### What you should do
The records should be restated exactly from their first line through the line with "exists [set p" in it.

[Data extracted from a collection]
Lemma cone_order_is_POTS : is_POTS K Y.
Proof.
split=> [x _|]; first by rewrite /cone_le subrr; exact: cone0_of_interior.
split=> [x y _ _ xy yx|].
  by apply/eqP; rewrite -subr_eq0; apply/eqP/pointedK; rewrite ?opprB.
split=> [x y z _ _ _|]; first exact: (cone_le_trans convK).
exists [set p | cone_le K p.1 p.2]; split; first exact: (closed_cone_le_graph closedK).
by apply/seteqP; split=> [[x y] [? [? ?]]|[x y] [? [? ?]]].
Qed.

Lemma down_topo_order_embeds : topo_order_embeds K Y.
Proof.
split=> [y _|]; first exact: CY_down.
split=> [x y Yx _|]; first exact: cone_le_down.
split=> [x y Yx Yy|]; first exact: down_inj.
split; [exact: rel_open_down_preimage | exact: rel_fell_open_down_image].
Qed.

End DownSetMap.

Theorem theorem3p4 (R : realType) (n : nat) (K Y : set 'rV[R]_n) :
  (1 < n)%N ->
  convex_cone K -> pointed K -> closed K -> interior K !=set0 ->
  open Y -> Y !=set0 ->
  is_POTS K Y /\ topo_order_embeds K Y.
Proof.
move=> _ convK pointedK closedK intK openY _.
by split; [exact: cone_order_is_POTS | exact: down_topo_order_embeds].
Qed.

### Task result
Lemma cone_order_is_POTS : is_POTS K Y.
Proof.
split=> [x _|]; first by rewrite /cone_le subrr; exact: cone0_of_interior.
split=> [x y _ _ xy yx|].
  by apply/eqP; rewrite -subr_eq0; apply/eqP/pointedK; rewrite ?opprB.
split=> [x y z _ _ _|]; first exact: (cone_le_trans convK).
exists [set p | cone_le K p.1 p.2]; split; first exact: (closed_cone_le_graph closedK).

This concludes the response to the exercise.